Prior studies have documented the relationship between the number of test attempts and scores on licensing examinations with other markers of physician competence.2–6 These include demonstrated associations between USMLE performance and specialty board examination performance, clinical performance evaluations, and subsequent disciplinary actions in practice. Moreover, past studies have demonstrated a relationship between licensing examination scores and process of care measures including proper prescribing practices and adherence to preventive health screening guidelines.7–9 Specific to the USMLE, Norcini and colleagues demonstrated that, among patients with congestive heart failure (HF) or acute myocardial infarction (AMI) who were cared for by international medical graduate (IMG) attending physicians, higher provider USMLE Step 2 CK scores were associated with lower patient mortality. Researchers determined that an increase of 1 standard deviation on the USMLE Step 2 CK score scale correlated with a 4% decrease in relative risk for patient mortality.10
Studies of this type have the potential to add to the overall validity argument for the use of high-stakes examinations in medical regulation. Furthermore, as part of the recent exploration of potential changes to USMLE Step 1 score reporting, a deficit has been acknowledged in the body of work seeking associations between licensing examination performance and residency performance and clinical practice outcomes. A recommendation stemming from the related 2019 Invitational Conference on USMLE Scoring (InCUS) was to “accelerate research on the correlation of USMLE performance to measures of residency performance and clinical practice.”11
In response to the InCUS recommendation, the purpose of this study was to investigate whether physicians’ USMLE performance was related to adjusted in-hospital mortality and LOS for patients hospitalized in Pennsylvania with a primary diagnosis of 1 of 5 predetermined conditions: HF, AMI, stroke, pneumonia, or chronic obstructive pulmonary disease (COPD). Our investigation seeks to add to the body of evidence examining the validity of the USMLE program.
Method
This study followed the Strengthening the Reporting of Observational Studies in Epidemiology (STROBE) reporting guidelines.12 The Institutional Review Board at the American Institute for Research (number EX00533) approved it as exempt.
Sources of data
Data for this study came from the Pennsylvania Health Care Cost Containment Council (PHC4), the American Medical Association (AMA) Physician Masterfile, and the examination score records of the USMLE program. These 3 data sources were linked through a series of matches based on the National Provider Identifier (NPI) number, name, self-reported sex, and birth year.

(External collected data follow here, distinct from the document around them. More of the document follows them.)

(* Let $X$ be a compact metric space with metric $d$, let $f\colon X\to X$ be a continuous map with the s-limit shadowing property, let $C\in\mathcal{C}(f)$ and $D\in\mathcal{D}(C)$, and let $\mathcal{F},\mathcal{G}$ be full Furstenberg families. Let $n\ge2$ and $\delta>0$. If there is an $(\mathcal{F},\mathcal{G})$-$\delta$-scrambled $n$-tuple $(a_1,\dots,a_n)\in[V^s(D)]^n$ for $f$, then for every $0<r<\delta$, $V^s(D)$ is dense $(\mathcal{F},\mathcal{G})$-$n$-$r$-chaotic for $f$.
   Context: A $\delta$-chain of $f$ ($\delta>0$) is a finite sequence $(x_i)_{i=0}^k$, $k\ge1$, with $d(f(x_i),x_{i+1})\le\delta$ for $0\le i\le k-1$; it is a $\delta$-cycle if $x_0=x_k$, with length $k$. Write $x\to y$ if for every $\delta>0$ there is a $\delta$-chain from $x$ to $y$. Let $CR(f)=\{x\colon x\to x\}$; on $CR(f)$ let $x\leftrightarrow y$ iff $x\to y$ and $y\to x$; its classes are the chain components, forming $\mathcal{C}(f)$. For $C\in\mathcal{C}(f)$, $\delta>0$, let $m=m(C,\delta)$ be the gcd of the lengths of all $\delta$-cycles of $f|_C$, and for $x,y\in C$ let $x\sim_{C,\delta}y$ iff there is a $\delta$-chain of $f|_C$ from $x$ to $y$ of length divisible by $m$; $\mathcal{D}(C,\delta)$ is the set of its equivalence classes. Let $x\sim_C y$ iff $x\sim_{C,\delta}y$ for all $\delta>0$; $\mathcal{D}(C)$ is its set of classes. For $D\in\mathcal{D}(C)$, $D_\delta$ is the element of $\mathcal{D}(C,\delta)$ containing $D$. $W^s(C)=\{x\colon\lim_i d(f^i(x),C)=0\}$ and $V^s(D)=\bigcap_{\delta>0}\{x\in W^s(C)\colon\lim_i d(f^i(x),f^i(D_\delta))=0\}$. $f$ has the s-limit shadowing property if for every $\epsilon>0$ there is $\delta>0$ such that for every sequence $(x_i)_{i\ge0}$ with $d(f(x_i),x_{i+1})\le\delta$ for all $i$ and $d(f(x_i),x_{i+1})\to0$ there is $x\in X$ with $d(f^i(x),x_i)\le\epsilon$ for all $i$ and $d(f^i(x),x_i)\to0$. A Furstenberg family is a nonempty proper family $\mathcal{F}\subsetneq 2^{\mathbb{N}_0}$ closed under taking supersets; it is full if $\{i\in A\colon i\ge n\}\in\mathcal{F}$ for all $A\in\mathcal{F}$, $n\ge0$. For $x_1,\dots,x_n\in X$, $r>0$: $S_f(x_1,\dots,x_n;r)=\{i\in\mathbb{N}_0\colon\min_{j<k}d(f^i(x_j),f^i(x_k))>r\}$ and $T_f(x_1,\dots,x_n;r)=\{i\in\mathbb{N}_0\colon\max_{j<k}d(f^i(x_j),f^i(x_k))<r\}$. $(x_1,\dots,x_n)$ is $(\mathcal{F},\mathcal{G})$-$\delta$-scrambled for $f$ if $S_f(x_1,\dots,x_n;\delta)\in\mathcal{F}$ and $T_f(x_1,\dots,x_n;\epsilon)\in\mathcal{G}$ for all $\epsilon>0$. A nonempty $Y\subset X$ is dense $(\mathcal{F},\mathcal{G})$-$n$-$\delta$-chaotic for $f$ if the set of $(\mathcal{F},\mathcal{G})$-$\delta$-scrambled $n$-tuples in $Y^n$ is dense in $Y^n$. *)

From Stdlib Require Import Reals Lra Lia List.
Open Scope R_scope.

Section Defs.
Context {X : Type} (d : X -> X -> R).

Definition is_metric : Prop :=
  (forall x y, 0 <= d x y) /\ (forall x y, d x y = 0 <-> x = y) /\
  (forall x y, d x y = d y x) /\ (forall x y z, d x z <= d x y + d y z).

Definition open_set (U : X -> Prop) : Prop :=
  forall x, U x -> exists e, 0 < e /\ forall y, d x y < e -> U y.

Definition compact_space : Prop :=
  forall (I : Type) (U : I -> X -> Prop),
    (forall i, open_set (U i)) -> (forall x, exists i, U i x) ->
    exists l : list I, forall x, exists i, In i l /\ U i x.

Definition continuous_map (f : X -> X) : Prop :=
  forall x e, 0 < e -> exists r, 0 < r /\ forall y, d x y < r -> d (f x) (f y) < e.

Variable f : X -> X.

Definition iter (i : nat) (x : X) : X := Nat.iter i f x.

Definition chain_in (A : X -> Prop) (delta : R) (x : nat -> X) (k : nat) : Prop :=
  (1 <= k)%nat /\ (forall i, (i <= k)%nat -> A (x i)) /\
  (forall i, (i < k)%nat -> d (f (x i)) (x (S i)) <= delta).

Definition allX : X -> Prop := fun _ => True.

Definition chain_rel (a b : X) : Prop :=
  forall delta, 0 < delta -> exists x k, chain_in allX delta x k /\ x O = a /\ x k = b.

Definition CR (x : X) : Prop := chain_rel x x.

Definition chain_equiv (x y : X) : Prop := CR x /\ CR y /\ chain_rel x y /\ chain_rel y x.

(* C is an element of C(f): an equivalence class of <-> on CR(f) *)
Definition chain_component (C : X -> Prop) : Prop :=
  exists x0, CR x0 /\ forall y, C y <-> chain_equiv x0 y.

Definition cycle_length (C : X -> Prop) (delta : R) (k : nat) : Prop :=
  exists x, chain_in C delta x k /\ x O = x k.
(* Let $G=\bigl((f_j)_{j=1}^n;(\mu^{R})_{\emptyset\ne R\subseteq[n]}\bigr)$ be an $n$-resource selection game with $f_1,\ldots,f_n$ continuous. Then $P_G\in D_G$ and $E_G(P_G)=h_G$; i.e., $P_G\in\arg\max_{S\in D_G}E_G(S)$ (so $P_G$ is the greatest element of this set of maximizers).
   Context: An $n$-resource selection game is $G=\bigl((f_j)_{j=1}^n;(\mu^{R})_{\emptyset\ne R\subseteq[n]}\bigr)$ with each $f_j:[0,\infty)\to\mathbb{R}$ nondecreasing and each $\mu^R\ge0$. Equalization: for nondecreasing $g_1,\ldots,g_m:[0,\infty)\to\mathbb{R}\cup\{\mathrm{undefined}\}$, $\mathrm{eq}(g_1,\ldots,g_m)(\mu)=g_1(\mu_1)$ if there exist $\mu_1,\ldots,\mu_m\ge0$ summing to $\mu$ with $g_1(\mu_1)=\cdots=g_m(\mu_m)\in\mathbb{R}$, else $\mathrm{undefined}$. For nonempty $S\subseteq[n]$: $E_G(S)=\mathrm{eq}(f_k:k\in S)\bigl(\sum_{\emptyset\ne R\subseteq S}\mu^R\bigr)$; $M_G(S)$ is the set of nonempty $S'\subseteq S$ such that for every $0\le\mu\le\sum_{R\subseteq S,\,R\cap S'\ne\emptyset}\mu^R$, $\mathrm{eq}(f_k:k\in S')(\mu)\ne E_G(S)$ ($\mathrm{undefined}$ differs from every real); $D_G=\{S: E_G(S)\in\mathbb{R},\ M_G(S)=\emptyset\}$; $h_G=\max_{S\in D_G}E_G(S)$; $P_G=\bigcup\{S\in D_G:E_G(S)=h_G\}$. *)

From mathcomp Require Import all_boot.
From Stdlib Require Import Reals.
Set Implicit Arguments.
Unset Strict Implicit.
Unset Printing Implicit Defensive.

Local Open Scope R_scope.

Section Game.
Variable n : nat.
(* cost functions f_j : [0,oo) -> R (only values on [0,oo) matter) *)
Variable f : 'I_n -> R -> R.
(* demands mu^R for nonempty R ⊆ [n] (value at set0 unused) *)
Variable mu : {set 'I_n} -> R.

(* eq(f_k : k in S)(m) is defined and equals c :
   there are m_k >= 0 (k in S) summing to m with f_k(m_k) = c for all k in S. *)
Definition EqVal (S : {set 'I_n}) (m c : R) : Prop :=
  exists x : 'I_n -> R,
    (forall k, k \in S -> 0 <= x k) /\
    \big[Rplus/0]_(k in S) x k = m /\
    (forall k, k \in S -> f k (x k) = c).

Definition demand (S : {set 'I_n}) : R :=
  \big[Rplus/0]_(T : {set 'I_n} | (T != set0) && (T \subset S)) mu T.

Definition EG (S : {set 'I_n}) (c : R) : Prop := EqVal S (demand S) c.

Definition demand_meet (S S' : {set 'I_n}) : R :=
  \big[Rplus/0]_(T : {set 'I_n} | (T \subset S) && (T :&: S' != set0)) mu T.

Definition inM (S : {set 'I_n}) (c : R) (S' : {set 'I_n}) : Prop :=
  S' != set0 /\ S' \subset S /\
  forall m, 0 <= m <= demand_meet S S' -> ~ EqVal S' m c.

Definition inD (S : {set 'I_n}) : Prop :=
  S != set0 /\ exists c, EG S c /\ forall S', ~ inM S c S'.

Definition is_hG (h : R) : Prop :=
  (exists S, inD S /\ EG S h) /\
  (forall S c, inD S -> EG S c -> c <= h).

Definition is_PG (h : R) (P : {set 'I_n}) : Prop :=
  forall j, j \in P <-> exists S, inD S /\ EG S h /\ j \in S.
End Game.

Definition nondecr_nonneg (g : R -> R) : Prop :=
  forall x y, 0 <= x -> x <= y -> g x <= g y.

Definition cont_nonneg (g : R -> R) : Prop :=
  forall x, 0 <= x -> forall eps, 0 < eps ->
    exists delta, 0 < delta /\
      forall y, 0 <= y -> Rabs (y - x) < delta -> Rabs (g y - g x) < eps.

(* For fixed S the equalization eq(f_k : k in S) is monotone, and continuity of the f_k makes
   it surjective: if the f_k can be equalized at level c with total at most m, then they can be
   equalized with total exactly m at some level c' >= c, namely the supremum of such levels.
   Hence removing from S a member S' of M_G(S) leaves E_G(S \ S') defined and >= E_G(S), and by
   induction on |S| every defined E_G(S) is dominated by E_G of a member of D_G.  Conversely,
   the members of D_G at level h_G equalize every S' included in P_G at level h_G using at most
   the demand of P_G meeting S' (split S' along one such member and induct).  For S' = P_G this
   gives E_G(P_G) >= h_G, hence = h_G by maximality; for the other S' it shows M_G(P_G) is empty. *)

From HB Require Import structures.
From mathcomp Require Import all_boot.
From Stdlib Require Import Reals Lra Classical ClassicalEpsilon.
Local Open Scope R_scope.

Local Notation "\sumR_ ( i 'in' A ) F" := (\big[Rplus/0]_(i in A) F)
  (at level 41, F at level 41, i, A at level 50).

HB.instance Definition _ := Monoid.isComLaw.Build R 0 Rplus
  (fun x y z => esym (Rplus_assoc x y z)) Rplus_comm Rplus_0_l.

Section RealSums.
Context {I : finType}.
Implicit Types (P : pred I) (F G : I -> R).

Lemma sumR_ge0 P F : (forall i, P i -> 0 <= F i) -> 0 <= \big[Rplus/0]_(i | P i) F i.
Proof. by move=> F_ge0; apply: (big_ind (fun x => 0 <= x)) => //; [lra | move=> x y; lra]. Qed.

All hospitals in Pennsylvania must send data to the PHC4 each time a patient is discharged. Patient demographic characteristics, primary and secondary diagnoses, discharge status, LOS, and hospital where care was provided are included. The attending physician, defined by PHC4 as the individual who has overall responsibility for the medical care and treatment of the patient, is typically also identified by the hospital. PHC4 applies validation and editing procedures to patient data, which can be corrected by the hospitals. In this study, we analyzed hospitalizations for AMI, HF, pneumonia, COPD, and stroke from January 1, 2017 to December 31, 2019. We chose these conditions because they have been used previously as a means for judging the quality of patient care.13
The AMA Physician Masterfile was the primary source of information on practicing physicians. For this study, we limited analysis to self-identified family medicine and general internal medicine physicians (excluding self-identified hospitalists because their numbers were small and their training and certification backgrounds were heterogeneous) who were the attending physicians for patients with 1 or more of the 5 conditions in the PHC4 database. We did so because these physicians provide considerable care for these conditions and it prevented the results from being confounded by subspecialization. Providers’ initial board certification was also available, and we excluded subspecialists and physicians who held certification in anything other than internal medicine or family medicine.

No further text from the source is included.